(* Let $\Gamma=\langle V,(w_u)_{u\in V},\alpha,\beta\rangle$ be a celebrity game with $\beta>1$, $n=|V|$, $W=\sum_{u\in V}w_u$ and $w_{\max}=\max_u w_u$. The following are equivalent: (1) $\Gamma$ is a star celebrity game; (2) either $\alpha<w_{\max}$, or $\alpha\ge w_{\max}$ and there is at most one $u\in V$ with $\alpha>W-w_u$; (3) a star graph $S_n$ on $V$ (a tree with one vertex adjacent to all others) is a Nash equilibrium graph of $\Gamma$.
   Context: A celebrity game $\Gamma=\langle V,(w_u)_{u\in V},\alpha,\beta\rangle$ consists of a set of players $V=\{1,\dots,n\}$, celebrity weights $w_u>0$, a link cost $\alpha>0$ and a critical distance $\beta$ with $1\le\beta\le n-1$. A strategy of player $u$ is a set $S_u\subseteq V\setminus\{u\}$; a strategy profile is $S=(S_1,\dots,S_n)$; its outcome graph $G[S]$ is the undirected graph on $V$ with edge set $\{\{u,v\}: u\in S_v\text{ or }v\in S_u\}$. With $d_G$ the graph distance (infinite between different connected components), the cost of player $u$ is $c_u(S)=\alpha|S_u|+\sum_{v:\,d_{G[S]}(u,v)>\beta}w_v$. $S$ is a Nash equilibrium if no player can strictly decrease its cost by changing only its own strategy; a graph $G$ is a Nash equilibrium graph of $\Gamma$ if $G=G[S]$ for some Nash equilibrium $S$. $\Gamma$ is a star celebrity game if it has a Nash equilibrium graph that is connected. *)

From mathcomp Require Import all_boot all_order all_algebra.
Set Implicit Arguments. Unset Strict Implicit. Unset Printing Implicit Defensive.
Import Order.TTheory GRing.Theory Num.Theory.
Local Open Scope ring_scope.

(* A strategy profile: each player u buys links to the set S u. *)
Definition profile (n : nat) := 'I_n -> {set 'I_n}.

Definition valid_strategy (n : nat) (u : 'I_n) (Su : {set 'I_n}) : bool :=
  u \notin Su.
Definition valid_profile (n : nat) (S : profile n) : Prop :=
  forall u, valid_strategy u (S u).

Definition outcome (n : nat) (S : profile n) : rel 'I_n :=
  fun u v => (u \in S v) || (v \in S u).

(* d_G(u,v) <= k : there is a walk from u to v in G with at most k edges.
   Hence d_G(u,v) > k (including infinite distance) iff ~~ within G k u v. *)
Definition within (n : nat) (G : rel 'I_n) (k : nat) (u v : 'I_n) : bool :=
  [exists m : 'I_k.+1, exists p : m.-tuple 'I_n,
     path G u p && (last u p == v)].

Definition deviate (n : nat) (S : profile n) (u : 'I_n) (Su : {set 'I_n})
  : profile n := fun v => if v == u then Su else S v.

Definition cost (R : realFieldType) (n : nat) (w : 'I_n -> R) (alpha : R)
  (beta : nat) (S : profile n) (u : 'I_n) : R :=
  alpha * (#|S u|)%:R +
  \sum_(v : 'I_n | ~~ within (outcome S) beta u v) w v.

Definition nash (R : realFieldType) (n : nat) (w : 'I_n -> R) (alpha : R)
  (beta : nat) (S : profile n) : Prop :=
  valid_profile S /\
  forall (u : 'I_n) (Su : {set 'I_n}), valid_strategy u Su ->
    cost w alpha beta S u <= cost w alpha beta (deviate S u Su) u.

Definition ne_graph (R : realFieldType) (n : nat) (w : 'I_n -> R) (alpha : R)
  (beta : nat) (G : rel 'I_n) : Prop :=
  exists S : profile n, nash w alpha beta S /\ forall u v, outcome S u v = G u v.

Definition connected_graph (n : nat) (G : rel 'I_n) : Prop :=
  forall u v : 'I_n, connect G u v.

Definition star_celebrity_game (R : realFieldType) (n : nat) (w : 'I_n -> R)
  (alpha : R) (beta : nat) : Prop :=
  exists G : rel 'I_n, ne_graph w alpha beta G /\ connected_graph G.

Definition star_graph (n : nat) (G : rel 'I_n) : Prop :=
  exists c : 'I_n, forall u v, G u v = (u != v) && ((u == c) || (v == c)).

Definition totalW (R : realFieldType) (n : nat) (w : 'I_n -> R) : R :=
  \sum_(u : 'I_n) w u.

Definition wmax (R : realFieldType) (n : nat) (w : 'I_n -> R) : R :=
  \big[Num.max/0]_(u : 'I_n) w u.

From mathcomp Require Import all_boot all_order all_algebra.
From mathcomp Require Import lra zify.
Import Order.TTheory GRing.Theory Num.Theory.
Local Open Scope ring_scope.
Set Implicit Arguments. Unset Strict Implicit.

(* A player u can always secure cost at most W - w_u by buying nothing, so in
   a Nash equilibrium alpha |S_u| <= W - w_u; in particular a player with
   W - w_u < alpha buys no link.  If two players u1 != u2 have
   W - w_ui < alpha, the weight bound forces every player to buy at most one
   link; along a simple path from u1 each vertex has then spent its only link
   on its predecessor, so the last vertex u2 must buy one: the graph is
   disconnected.  Conversely, when at most one player u has W - w_u < alpha
   (which is automatic if some w_c exceeds alpha), the star centred at that
   player, each leaf buying its link to the centre, is an equilibrium: with
   beta >= 2 nobody is ever far, a leaf pays alpha and would pay at least
   W - w_v >= alpha by deviating. *)

Lemma within_refl n (G : rel 'I_n) k u : within G k u u.
Proof. by apply/existsP; exists ord0; apply/existsP; exists [tuple]; rewrite /= eqxx. Qed.

Lemma within_isolated n (G : rel 'I_n) k u v :
  (forall z, G u z = false) -> u != v -> ~~ within G k u v.
Proof.
move=> Gu0 neq_uv; apply/existsP => -[m /existsP [[[|y p] _] /andP [/= walk_up]]].
  by move/eqP=> eq_uv; rewrite eq_uv eqxx in neq_uv.
by rewrite Gu0 in walk_up.
Qed.

Lemma star_within n (G : rel 'I_n) (c : 'I_n) k :
  (1 < k)%N -> (forall x y, G x y = (x != y) && ((x == c) || (y == c))) ->
  forall u v, within G k u v.
Proof.
move=> k_gt1 Gstar u v.
have [->|neq_uv] := eqVneq u v; first exact: within_refl.
have lt1k : (1 < k.+1)%N by lia.
have lt2k : (2 < k.+1)%N by lia.
have [eq_uc|neq_uc] := eqVneq u c.
  apply/existsP; exists (Ordinal lt1k); apply/existsP; exists [tuple v].
  by rewrite /= Gstar neq_uv eq_uc eqxx /=.
have [eq_vc|neq_vc] := eqVneq v c.
  apply/existsP; exists (Ordinal lt1k); apply/existsP; exists [tuple v].
  by rewrite /= Gstar neq_uv eq_vc eqxx orbT /=.
apply/existsP; exists (Ordinal lt2k); apply/existsP; exists [tuple c; v].
by rewrite /= !Gstar neq_uc eqxx orbT (eq_sym c v) neq_vc /=.
Qed.

Lemma star_graph_connected n (G : rel 'I_n) : star_graph G -> connected_graph G.
Proof.
case=> c Gstar u v.
have to_c x : connect G x c.
  have [->|neq_xc] := eqVneq x c; first exact: connect0.
  by apply: connect1; rewrite Gstar neq_xc eqxx orbT.
have from_c x : connect G c x.
  have [->|neq_xc] := eqVneq x c; first exact: connect0.
  by apply: connect1; rewrite Gstar eq_sym neq_xc eqxx.
exact: connect_trans (to_c u) (from_c v).
Qed.

(* If [prev] bought its link to [x] and everybody buys at most one link, then
   along a simple path from [x] every edge is bought by its far end. *)
Lemma simple_path_last_buys n (S : profile n) :
  (forall v, (#|S v| <= 1)%N) ->
  forall p x prev, prev \in S x -> path (outcome S) x p ->
  uniq (prev :: x :: p) -> (0 < #|S (last x p)|)%N.
Proof.
move=> buys_le1; elim=> [|y p IHp] x prev Sx_prev /=.
  by move=> _ _; apply/card_gt0P; exists prev.
case/andP=> /orP [Sy_x|Sx_y] walk uniq_p.
  by apply: IHp Sy_x walk _; case/andP: uniq_p.
have := buys_le1 x; rewrite leqNgt => /negP; case; apply/card_gt1P.
exists prev, y; split=> //; apply/eqP => eq_prev_y.
by move: uniq_p; rewrite eq_prev_y /= !inE eqxx orbT.
Qed.

Lemma unbought_disconnected n (S : profile n) u1 u2 :
  (forall v, (#|S v| <= 1)%N) -> S u1 = set0 -> S u2 = set0 -> u1 != u2 ->
  ~~ connect (outcome S) u1 u2.
Proof.
move=> buys_le1 Su1 Su2 neq_u12; apply/negP => /connectP [p walk].
case/shortenP: walk => [[|y q]] /=; first by move=> _ _ _ eq_u12; rewrite eq_u12 eqxx in neq_u12.
case/andP=> /orP [Sy_u1|]; last by rewrite Su1 in_set0.
move=> walk uniq_q _ eq_u2; have := simple_path_last_buys buys_le1 Sy_u1 walk uniq_q.
by rewrite -eq_u2 Su2 cards0.
Qed.

Lemma deviate_self n (S : profile n) u T : deviate S u T u = T.
Proof. by rewrite /deviate eqxx. Qed.

Lemma outcome_deviate_set0 n (S : profile n) u :
  (forall z, u \notin S z) -> forall z, outcome (deviate S u set0) u z = false.
Proof.
move=> unlinked z; rewrite /outcome deviate_self in_set0 orbF /deviate.
by case: eqVneq => _; [exact: in_set0 | exact: negbTE].
Qed.

Definition star_profile n (c : 'I_n) : profile n :=
  fun v => if v == c then set0 else [set c].

Lemma outcome_star_profile n (c : 'I_n) x y :
  outcome (star_profile c) x y = (x != y) && ((x == c) || (y == c)).
Proof.
rewrite /outcome /star_profile.
have [->|neq_xc] := eqVneq x c; have [->|neq_yc] := eqVneq y c.
all: by rewrite ?in_set0 ?in_set1 ?eqxx ?neq_xc ?(negbTE neq_xc) ?(negbTE neq_yc) ?andbF.
Qed.

Lemma star_profile_leaf_unlinked n (c u : 'I_n) :
  u != c -> forall z, u \notin star_profile c z.
Proof. by move=> neq_uc z; rewrite /star_profile; case: ifP; rewrite ?in_set0 ?in_set1. Qed.

Section CelebrityGame.

Variables (R : realFieldType) (n : nat) (w : 'I_n -> R) (alpha : R) (beta : nat).
Hypothesis w_ge0 : forall u, 0 <= w u.
Hypothesis alpha_ge0 : 0 <= alpha.

Definition far_weight (G : rel 'I_n) u := \sum_(v | ~~ within G beta u v) w v.

Lemma costE S u :
  cost w alpha beta S u = alpha * (#|S u|)%:R + far_weight (outcome S) u.
Proof. by []. Qed.

Lemma cost_deviate S u T :
  cost w alpha beta (deviate S u T) u =
  alpha * (#|T|)%:R + far_weight (outcome (deviate S u T)) u.
Proof. by rewrite costE deviate_self. Qed.

Lemma far_weight_ge0 G u : 0 <= far_weight G u.
Proof. exact: sumr_ge0. Qed.

Lemma totalW_minus u : totalW w - w u = \sum_(v | v != u) w v.
Proof. by rewrite /totalW (bigD1 u) //= addrC addrK. Qed.

Lemma far_weight_le G u : far_weight G u <= totalW w - w u.
Proof.
rewrite totalW_minus /far_weight big_mkcond [leRHS]big_mkcond /=.
apply: ler_sum => v _; have [->|_] := eqVneq v u; first by rewrite within_refl.
by case: ifP => // _; exact: w_ge0.
Qed.

Lemma far_weight_isolated G u :
  (forall z, G u z = false) -> far_weight G u = totalW w - w u.
Proof.
move=> Gu0; rewrite totalW_minus /far_weight; apply: eq_bigl => v.
have [->|neq_vu] := eqVneq v u; first by rewrite within_refl.
by rewrite (within_isolated _ Gu0) // eq_sym.
Qed.

Lemma weight_le_totalW_minus a b : a != b -> w a <= totalW w - w b.
Proof.
move=> neq_ab; rewrite totalW_minus (bigD1 a) //= lerDl; exact: sumr_ge0.
Qed.

Lemma weight2_le_totalW_minus a b c :
  a != b -> a != c -> b != c -> w a + w b <= totalW w - w c.
Proof.
move=> neq_ab neq_ac neq_bc.
rewrite totalW_minus (bigD1 a) //= (bigD1 b) /=; last by rewrite neq_bc eq_sym.
by rewrite addrA lerDl; apply: sumr_ge0.
Qed.

Lemma nash_links_le S u :
  nash w alpha beta S -> alpha * (#|S u|)%:R <= totalW w - w u.
Proof.
case=> _ /(_ u set0) no_better.
have := no_better (negbT (in_set0 u)); rewrite cost_deviate costE cards0 mulr0 add0r.
have := far_weight_ge0 (outcome S) u; have := far_weight_le (outcome (deviate S u set0)) u.
lra.
Qed.

Lemma nash_cheap_buys_nothing S u :
  nash w alpha beta S -> totalW w - w u < alpha -> S u = set0.
Proof.
move=> NE cheap; apply/eqP; rewrite -cards_eq0 eqn0Ngt; apply/negP => buys.
have := nash_links_le u NE; have : alpha <= alpha * (#|S u|)%:R by rewrite ler_peMr // ler1n.
lra.
Qed.

(* Adding the two cheap inequalities, [2 alpha <= W - w_v] would give
   [W + w_v < w_u1 + w_u2 <= W - w_v]. *)
Lemma nash_two_cheap_buys_le1 S u1 u2 :
  nash w alpha beta S -> u1 != u2 ->
  totalW w - w u1 < alpha -> totalW w - w u2 < alpha -> forall v, (#|S v| <= 1)%N.
Proof.
move=> NE neq_u12 cheap1 cheap2 v.
have [<-|neq_u1v] := eqVneq u1 v; first by rewrite (nash_cheap_buys_nothing NE cheap1) cards0.
have [<-|neq_u2v] := eqVneq u2 v; first by rewrite (nash_cheap_buys_nothing NE cheap2) cards0.
rewrite leqNgt; apply/negP => buys2.
have := nash_links_le v NE; have : alpha * 2%:R <= alpha * (#|S v|)%:R.
  by apply: ler_wpM2l; rewrite ?ler_nat.
have := weight2_le_totalW_minus neq_u12 neq_u1v neq_u2v.
have := w_ge0 v; lra.
Qed.

Definition cheap_players := [set u : 'I_n | totalW w - w u < alpha].

Lemma nash_connected_cheap_le1 S :
  nash w alpha beta S -> (forall u v, connect (outcome S) u v) ->
  (#|cheap_players| <= 1)%N.
Proof.
move=> NE conn; apply/card_le1_eqP => u1 u2; rewrite !inE => cheap1 cheap2.
have [//|neq_u12] := eqVneq u1 u2.
have buys_le1 := nash_two_cheap_buys_le1 NE neq_u12 cheap1 cheap2.
have := unbought_disconnected buys_le1 (nash_cheap_buys_nothing NE cheap1)
  (nash_cheap_buys_nothing NE cheap2) neq_u12.
by rewrite conn.
Qed.

Lemma lt_wmax_cheap_le1 : alpha < wmax w -> (#|cheap_players| <= 1)%N.
Proof.
move=> alpha_lt_wmax.
have [c alpha_lt_wc] : exists c, alpha < w c.
  case: (pickP (fun c => alpha < w c)) => [c|none]; first by exists c.
  have : wmax w <= alpha by apply/bigmax_leP; split=> // c _; rewrite leNgt none.
  by rewrite leNgt alpha_lt_wmax.
suff cheap_c u : u \in cheap_players -> u = c by apply/card_le1_eqP => u v /cheap_c-> /cheap_c->.
rewrite inE => cheap_u; have [->//|neq_cu] := eqVneq c u.
exfalso; have := weight_le_totalW_minus neq_cu; lra.
Qed.

Lemma wmax_cond_cheap_le1 :
  (alpha < wmax w \/ (wmax w <= alpha /\ (#|cheap_players| <= 1)%N)) <->
  (#|cheap_players| <= 1)%N.
Proof.
split; first by case=> [/lt_wmax_cheap_le1|[]].
by move=> cheap_le1; case: (ltP alpha (wmax w)) => alpha_wmax; [left | right].
Qed.

Lemma cheap_le1_star_center (c0 : 'I_n) :
  (#|cheap_players| <= 1)%N -> exists c, forall v, v != c -> alpha <= totalW w - w v.
Proof.
move=> /card_le1_eqP cheap_le1.
case: (pickP (fun u => u \in cheap_players)) => [c cheap_c|none].
  exists c => v neq_vc; rewrite leNgt; apply/negP => cheap_v.
  have eq_vc : v = c by apply: cheap_le1; rewrite // inE.
  by rewrite eq_vc eqxx in neq_vc.
by exists c0 => v _; move: (none v); rewrite inE => /negbT; rewrite -leNgt.
Qed.

Lemma star_profile_nash c :
  (1 < beta)%N -> (forall v, v != c -> alpha <= totalW w - w v) ->
  nash w alpha beta (star_profile c).
Proof.
move=> beta_gt1 leaves_ok; split.
  by move=> u; rewrite /valid_strategy /star_profile; case: eqVneq => [->|];
    rewrite ?in_set0 ?in_set1.
move=> u T _; rewrite cost_deviate costE.
have -> : far_weight (outcome (star_profile c)) u = 0.
  by apply: big_pred0 => v; rewrite (star_within beta_gt1 (@outcome_star_profile n c)).
have far_ge0 := far_weight_ge0 (outcome (deviate (star_profile c) u T)) u.
rewrite addr0 {1}/star_profile; have [_|neq_uc] := eqVneq u c.
  by rewrite cards0 mulr0 addr_ge0 // mulr_ge0.
rewrite cards1 mulr1; have [->|[t Tt]] := set_0Vmem T.
  rewrite cards0 mulr0 add0r far_weight_isolated ?leaves_ok //.
  exact/outcome_deviate_set0/star_profile_leaf_unlinked.
have : alpha <= alpha * (#|T|)%:R by rewrite ler_peMr // ler1n card_gt0; apply/set0Pn; exists t.
lra.
Qed.

End CelebrityGame.

Theorem corollary2 (R : realFieldType) (n : nat) (w : 'I_n -> R) (alpha : R)
  (beta : nat) :
  (forall u, 0 < w u) -> 0 < alpha ->
  (1 <= beta)%N -> (beta <= n.-1)%N -> (1 < beta)%N ->
  (star_celebrity_game w alpha beta <->
   (alpha < wmax w \/
    (wmax w <= alpha /\ (#|[set u : 'I_n | (totalW w - w u < alpha)%R]| <= 1)%N)))
  /\
  ((alpha < wmax w \/
    (wmax w <= alpha /\ (#|[set u : 'I_n | (totalW w - w u < alpha)%R]| <= 1)%N))
   <-> exists G : rel 'I_n, star_graph G /\ ne_graph w alpha beta G).
Proof.
move=> w_gt0 alpha_gt0 _ beta_le beta_gt1.
have w_ge0 u : 0 <= w u by exact: ltW.
have alpha_ge0 := ltW alpha_gt0.
have n_gt0 : (0 < n)%N by lia.
rewrite (wmax_cond_cheap_le1 w_ge0 alpha_ge0).
have star_of_cheap : (#|cheap_players w alpha| <= 1)%N ->
    exists G, star_graph G /\ ne_graph w alpha beta G.
  case/(cheap_le1_star_center (Ordinal n_gt0)) => c leaves_ok.
  exists (outcome (star_profile c)); split; first by exists c; exact: outcome_star_profile.
  by exists (star_profile c); split; first exact: star_profile_nash.
have cheap_of_game : star_celebrity_game w alpha beta -> (#|cheap_players w alpha| <= 1)%N.
  case=> G [[S [NE SG]] G_conn]; apply: (nash_connected_cheap_le1 w_ge0 alpha_ge0 NE).
  by move=> u v; rewrite (eq_connect SG).
have game_of_star : (exists G, star_graph G /\ ne_graph w alpha beta G) ->
    star_celebrity_game w alpha beta.
  by case=> G [G_star NE]; exists G; split; last exact: star_graph_connected.
by split; split; auto.
Qed.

Work item »
Only the lines above from the one with "(* A strategy" up to and including the one with "(beta : nat) (G" should be repeated, exactly as written.

Answer section »
(* A strategy profile: each player u buys links to the set S u. *)
Definition profile (n : nat) := 'I_n -> {set 'I_n}.

Definition valid_strategy (n : nat) (u : 'I_n) (Su : {set 'I_n}) : bool :=
  u \notin Su.
Definition valid_profile (n : nat) (S : profile n) : Prop :=
  forall u, valid_strategy u (S u).

Definition outcome (n : nat) (S : profile n) : rel 'I_n :=
  fun u v => (u \in S v) || (v \in S u).

(* d_G(u,v) <= k : there is a walk from u to v in G with at most k edges.
   Hence d_G(u,v) > k (including infinite distance) iff ~~ within G k u v. *)
Definition within (n : nat) (G : rel 'I_n) (k : nat) (u v : 'I_n) : bool :=
  [exists m : 'I_k.+1, exists p : m.-tuple 'I_n,
     path G u p && (last u p == v)].

Definition deviate (n : nat) (S : profile n) (u : 'I_n) (Su : {set 'I_n})
  : profile n := fun v => if v == u then Su else S v.

Definition cost (R : realFieldType) (n : nat) (w : 'I_n -> R) (alpha : R)
  (beta : nat) (S : profile n) (u : 'I_n) : R :=
  alpha * (#|S u|)%:R +
  \sum_(v : 'I_n | ~~ within (outcome S) beta u v) w v.

Definition nash (R : realFieldType) (n : nat) (w : 'I_n -> R) (alpha : R)
  (beta : nat) (S : profile n) : Prop :=
  valid_profile S /\
  forall (u : 'I_n) (Su : {set 'I_n}), valid_strategy u Su ->
    cost w alpha beta S u <= cost w alpha beta (deviate S u Su) u.

Definition ne_graph (R : realFieldType) (n : nat) (w : 'I_n -> R) (alpha : R)
  (beta : nat) (G : rel 'I_n) : Prop :=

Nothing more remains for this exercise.